На втором разборе подполковник не хвалил и не ругал. Он положил рядом две цифры — сороковую минуту и пятнадцатую — и дал им повисеть в воздухе.

Ремизов подошёл ко мне после, на краю выгона, когда его роту уже уводили. Достал папиросы, протянул; закурили.

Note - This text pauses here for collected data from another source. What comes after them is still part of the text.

Lemma avoid_cover (I : Type) (p q : I -> W) w : iso_fam p q ->
  ~` near p w <= \join_(k < m) ~` near q (gen k).
Proof.
move=> pq; set J := \join_(k < m) _.
have [c0|c0] := eqVneq (~` near p w `&` ~` J) \bot; first by rewrite -[J]complK -disj_leC c0.
exfalso.
have c_near k : ~` near p w `&` ~` J <= near q (gen k).
  by apply: leIxr; rewrite leCx; apply: (joins_sup (j := k)).
have [c' [c'c c'0 c'_near]] := Sup_refine c0 c_near.
have /choice[sg c'_sg] : forall k, exists i, c' <= ~` d (gen k) (q i).
  by move=> k; have [_ [i ->] c'i] := c'_near k; exists i.
have [j /negP[]] := agree_somewhere w pq c'0 c'_sg.
rewrite -lex0; apply: le_trans (leI2 (le_trans c'c (leIl _ _)) (agree_le_near p w (sg j))) _.
by rewrite meetCx.
Qed.

Lemma avoiding_point (I : Type) (p q : I -> W) w : iso_fam p q ->
  exists z, forall i, ~` near p w <= d z (q i).
Proof.
move=> pq; have [z glue_z] := glue_fin (index_enum 'I_m) (fun k => ~` near q (gen k)) gen w.
exists z => i; apply: le_trans (avoid_cover w pq) _; apply: le_trans glue_z _.
apply: joins_le => k _; apply: (le_by_cases (e := d z (q i))); first exact: leIr.
apply: le_trans (_ : ~` near q (gen k) `&` near q (gen k) <= _); last by rewrite meetCx le0x.
rewrite -meetA leI2 //; apply: le_trans (agree_le_near q (gen k) i).
by rewrite dsym; apply: agree_trans.
Qed.

(* One-point extension: relative to isometric families, every point has a
   realizer.  It is glued from the q i where w agrees with the p i, and from an
   avoiding point elsewhere. *)
Lemma extend_one_point (I : Type) (p q : I -> W) : iso_fam p q ->
  forall w, exists w', realizes p q w w'.
Proof.
move=> pq w; have [z z_avoid] := avoiding_point w pq.
pose b (o : option I) := if o is Some i then ~` d w (p i) else ~` near p w.
have off_near i : ~` d w (p i) `&` ~` near p w <= \bot.
  by apply: le_trans (leI2 (agree_le_near p w i) (lexx _)) _; rewrite meetxC.
have [|w' w'_glued] := glue_compatible (b := b) (y := extf q z) w.
  move=> [i|] [j|] /=.
  - by rewrite -pq [d w (p i)]dsym; apply: agree_trans.
  - exact: le_trans (off_near i) (le0x _).
  - by rewrite meetC; apply: le_trans (off_near j) (le0x _).
  - exact: agree_refl.
exists w' => i; apply: compl_inj; apply/le_anti; rewrite (w'_glued (Some i)) andbT.
apply: (le_by_cases (e := near p w)).
  rewrite /near; apply: Sup_meet_le => _ [j ->].
  have agree_pj : ~` d w' (q i) `&` ~` d w (p j) <= ~` d (p j) (p i).
    rewrite pq meetC; apply: le_trans (leI2 (w'_glued (Some j)) (lexx _)) _.
    by rewrite [d w' (q j)]dsym; apply: agree_trans.
  by apply: le_trans (agree_trans w (p j) (p i)); rewrite lexI leIr agree_pj.
apply: le_trans (_ : ~` d z (q i) `&` d z (q i) <= _); last by rewrite meetCx le0x.
rewrite lexI (leIxr _ (z_avoid i)) andbT.
apply: le_trans (agree_trans z w' (q i)); rewrite lexI leIl andbT [d z w']dsym.
by apply: leIxr; apply: (w'_glued None).
Qed.

(* Back and forth: starting from the graph of f, alternately adjoin a generator
   to each side together with a realizer on the other side. *)
Lemma back_and_forth (U : W -> Prop) (f : {x | U x} -> W)
  (f_iso : forall u v, d (f u) (f v) = d (proj1_sig u) (proj1_sig v)) (s : seq 'I_m) :
  exists (I : Type) (p q : I -> W), [/\ iso_fam p q,
    forall x (Ux : U x), exists i, p i = x /\ q i = f (exist _ x Ux)
    & forall k, k \in s -> (exists i, p i = gen k) /\ (exists i, q i = gen k)].
Proof.
elim: s => [|k s [I [p [q [pq pq_f pq_s]]]]].
  exists {x | U x}, (@proj1_sig _ _), f; split=> [u v | x Ux | //].
    by rewrite f_iso.
  by exists (exist _ x Ux).
have [a' real_a'] := extend_one_point pq (gen k).
have pq1 := iso_fam_extend pq real_a'.
have [a real_a] := extend_one_point (iso_fam_sym pq1) (gen k).
have pq2 := iso_fam_extend pq1 (a := a) (a' := gen k) (fun o => esym (real_a o)).
exists (option (option I)), (extf (extf p (gen k)) a), (extf (extf q a') (gen k)).
split => // [x Ux | l]; first by have [i [pi qi]] := pq_f x Ux; exists (Some (Some i)).
rewrite inE => /orP[/eqP -> | /pq_s [[i pi] [j qj]]].
  by split; [exists (Some None) | exists None].
by split; [exists (Some (Some i)) | exists (Some (Some j))].
Qed.
Lemma homI_boolean X : is_boolean (@hle C X unit) (bops X unit).
Proof. apply (proj1 (pb_peirce C)). Qed.

Lemma map_cmp_bneg {X Y Z} (f : hom X Y) (c : hom Y Z) :
  is_map f -> f >> bneg (bops Y Z) c = bneg (bops X Z) (f >> c).
Proof. apply (proj2 (pb_peirce C)). Qed.

Lemma btop_disc X : btop (bops X unit) = disc X.
Proof. apply le_antisym; [apply le_disc | apply (ble_top (homI_boolean X))]. Qed.

Lemma bmeet_hmeet {X} (c d : hom X unit) : bmeet (bops X unit) c d = hmeet c d.
Proof.
  pose proof (homI_boolean X) as HB. apply le_antisym.
  - apply hmeet_glb; [apply (bmeet_le_l HB) | apply (bmeet_le_r HB)].
  - apply (ble_meet HB); split; [apply hmeet_le_l | apply hmeet_le_r].
Qed.

Lemma map_cmp_btop {X Y} (f : hom X Y) :
  is_map f -> f >> btop (bops Y unit) = btop (bops X unit).
Proof. intros Hf. rewrite !btop_disc. apply map_disc, Hf. Qed.

Lemma map_cmp_bmeet {X Y} (f : hom X Y) (c d : hom Y unit) : is_map f ->
  f >> bmeet (bops Y unit) c d = bmeet (bops X unit) (f >> c) (f >> d).
Proof. intros Hf. rewrite !bmeet_hmeet. apply map_cmp_hmeet, Hf. Qed.

Lemma map_cmp_bbot {X Y} (f : hom X Y) :
  is_map f -> f >> bbot (bops Y unit) = bbot (bops X unit).
Proof.
  intros Hf.
  rewrite <- (bneg_top (homI_boolean Y)), map_cmp_bneg, map_cmp_btop, (bneg_top (homI_boolean X))
    by exact Hf.
  reflexivity.
Qed.

Lemma map_cmp_bjoin {X Y} (f : hom X Y) (c d : hom Y unit) : is_map f ->
  f >> bjoin (bops Y unit) c d = bjoin (bops X unit) (f >> c) (f >> d).
Proof.
  intros Hf.
  rewrite (bjoin_neg_meet (homI_boolean Y)), (bjoin_neg_meet (homI_boolean X)), map_cmp_bneg,
    map_cmp_bmeet, !map_cmp_bneg by exact Hf.
  reflexivity.
Qed.

Lemma exists_fst_bjoin {X Y} (a a' : hom (tens X Y) unit) :
  exists_fst (bjoin (bops _ unit) a a') = bjoin (bops X unit) (exists_fst a) (exists_fst a').
Proof.
  apply (ble_iff_eq (homI_boolean X)). intros b.
  pose proof (exists_fst_adj (bjoin (bops _ unit) a a') b).
  pose proof (exists_fst_adj a b). pose proof (exists_fst_adj a' b).
  pose proof (bjoin_le (homI_boolean _) a a' (pfst X Y >> b)).
  pose proof (bjoin_le (homI_boolean X) (exists_fst a) (exists_fst a') b).
  tauto.
Qed.

Lemma exists_fst_frobenius {X Y} (a : hom (tens X Y) unit) (b : hom X unit) :
  exists_fst (bmeet (bops _ unit) a (pfst X Y >> b)) = bmeet (bops X unit) (exists_fst a) b.
Proof.
  pose proof (homI_boolean X) as HX. pose proof (homI_boolean (tens X Y)) as HXY.
  set (m := bmeet (bops _ unit) a (pfst X Y >> b)).
  apply le_antisym.
  - apply (ble_meet HX); split.
    + apply exists_fst_le, (bmeet_le_l HXY).
    + apply exists_fst_adj, (bmeet_le_r HXY).
  - assert (Hsplit :
      hle (exists_fst a) (bjoin (bops X unit) (exists_fst m) (bneg (bops X unit) b))).
    { rewrite <- (bjoin_meet_neg HXY a (pfst X Y >> b)), exists_fst_bjoin.
      apply (bjoin_le2 HX); [apply le_refl |].
      apply exists_fst_adj. rewrite map_cmp_bneg by apply pfst_map. apply (bmeet_le_r HXY). }
    apply le_trans
      with (bmeet (bops X unit) (bjoin (bops X unit) (exists_fst m) (bneg (bops X unit) b)) b).
    + apply (bmeet_le2 HX); [exact Hsplit | apply le_refl].
    + rewrite (bmeetC HX), (bmeet_joinr HX), (bmeet_neg HX), (bjoin_bot HX). apply (bmeet_le_r HX).
Qed.

Lemma homI_infsl_functor : is_infsl_functor (HomIDoc C).
Proof.
  unfold is_infsl_functor; cbn. split; [| split; [| split]].
  - intros X. pose proof (homI_boolean X) as HB.
    split; [| split; [| split; [| split]]].
    + apply (ble_refl HB).
    + apply (ble_trans HB).
    + apply (ble_antisym HB).
    + apply (ble_top HB).
    + apply (ble_meet HB).
  - intros X Y f Hf. split; [apply map_cmp_btop, Hf | intros; apply map_cmp_bmeet, Hf].
  - intros X a. apply id_l.
  - intros X Y Z f g a _ _. apply cmp_assoc.
Qed.

Lemma homI_elementary : is_elementary (HomIDoc C).
Proof.
  intros Y. exists (eqrel Y). intros X a b. cbn.
  rewrite bmeet_hmeet. apply elementary_hmeet.
Qed.

Lemma homI_existential : is_existential (HomIDoc C).
Proof.
  exists (fun X Y a => exists_fst a). intros X Y. cbn.
  split; [| split].
  - apply exists_fst_adj.
  - apply exists_fst_frobenius.
  - intros X' f a Hf. apply map_cmp_exists_fst, Hf.
Qed.

Lemma homI_boolean_doctrine : is_boolean_doctrine (HomIDoc C).
Proof.
  split; [exact homI_boolean |].
  intros X Y f Hf. cbn.
  split; [| split; [| split; [| split]]]; intros;
    [apply map_cmp_btop | apply map_cmp_bbot | apply map_cmp_bmeet | apply map_cmp_bjoin
    | apply map_cmp_bneg]; exact Hf.
Qed.

End PeirceanBicategory.

Theorem proposition27 (C : PeirceanBicat) :
  is_boolean_hyperdoctrine (HomIDoc C).
Proof.
  split; [exact (map_fp_cat C) |].
  split; [exact (homI_infsl_functor C) |].
  split; [exact (homI_elementary C) |].
  split; [exact (homI_existential C) | exact (homI_boolean_doctrine C)].
Qed.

— Разница есть, — начал он без предисловий. — Я не слепой и не завистлив: утром стык прошли, сейчас упёрлись. Люди те же — стало быть, слова ваши. Всё так. — Он затянулся и смотрел при этом не на меня — на поле. — А теперь послушайте старика. Вы младшему чину заранее, до боя, разрешаете решить, что приказ устарел. Сегодня условие сошлось честно, и вышло умно. А завтра ему покажется, что сошлось. Со страху, с устали, с грохоту — покажется. И он отойдёт, и по-вашему выйдет прав. Армия, подпоручик, держится не на том, что приказ умён. Она держится на том, что приказ исполняют. Подпилите это — на чём стоять будем?

— Посыльного убивают за сорок шагов, господин капитан. Провод рвётся сам, без австрийца. Утром это видели все. Чем доводить приказ, когда довести его нечем?

— Двумя посыльными. Тремя. Знаю, — он поднял ладонь, — и трёх убивают. Всё знаю. — Окурок он уронил в грязь и придавил каблуком. — Вам легко, подпоручик: у вас унтеры ваши, вы их с осени сквозь руки пропустили, им и веры положено на грош больше. А у меня взводы держат запасные, я их который месяц в лицо заучиваю. Дам я им судить, когда позиция «кончилась», — они мне её к первому обстрелу и кончат. Не со зла — по совести кончат. Ваш порядок, подпоручик, надобно сперва заслужить. Ротой заслужить, годом службы. А наставление писано на всякую роту: на вашу, на мою и на самую худую. Тем оно и наставление.

Я поискал ответа и не нашёл такого, чтобы годился на его версту, а не на мою.

— При случае погляжу, как оно у вас выйдет не с флажками, — проговорил Ремизов вместо прощания. И, уже отвернувшись, через плечо: — Дай бог, чтоб без случая.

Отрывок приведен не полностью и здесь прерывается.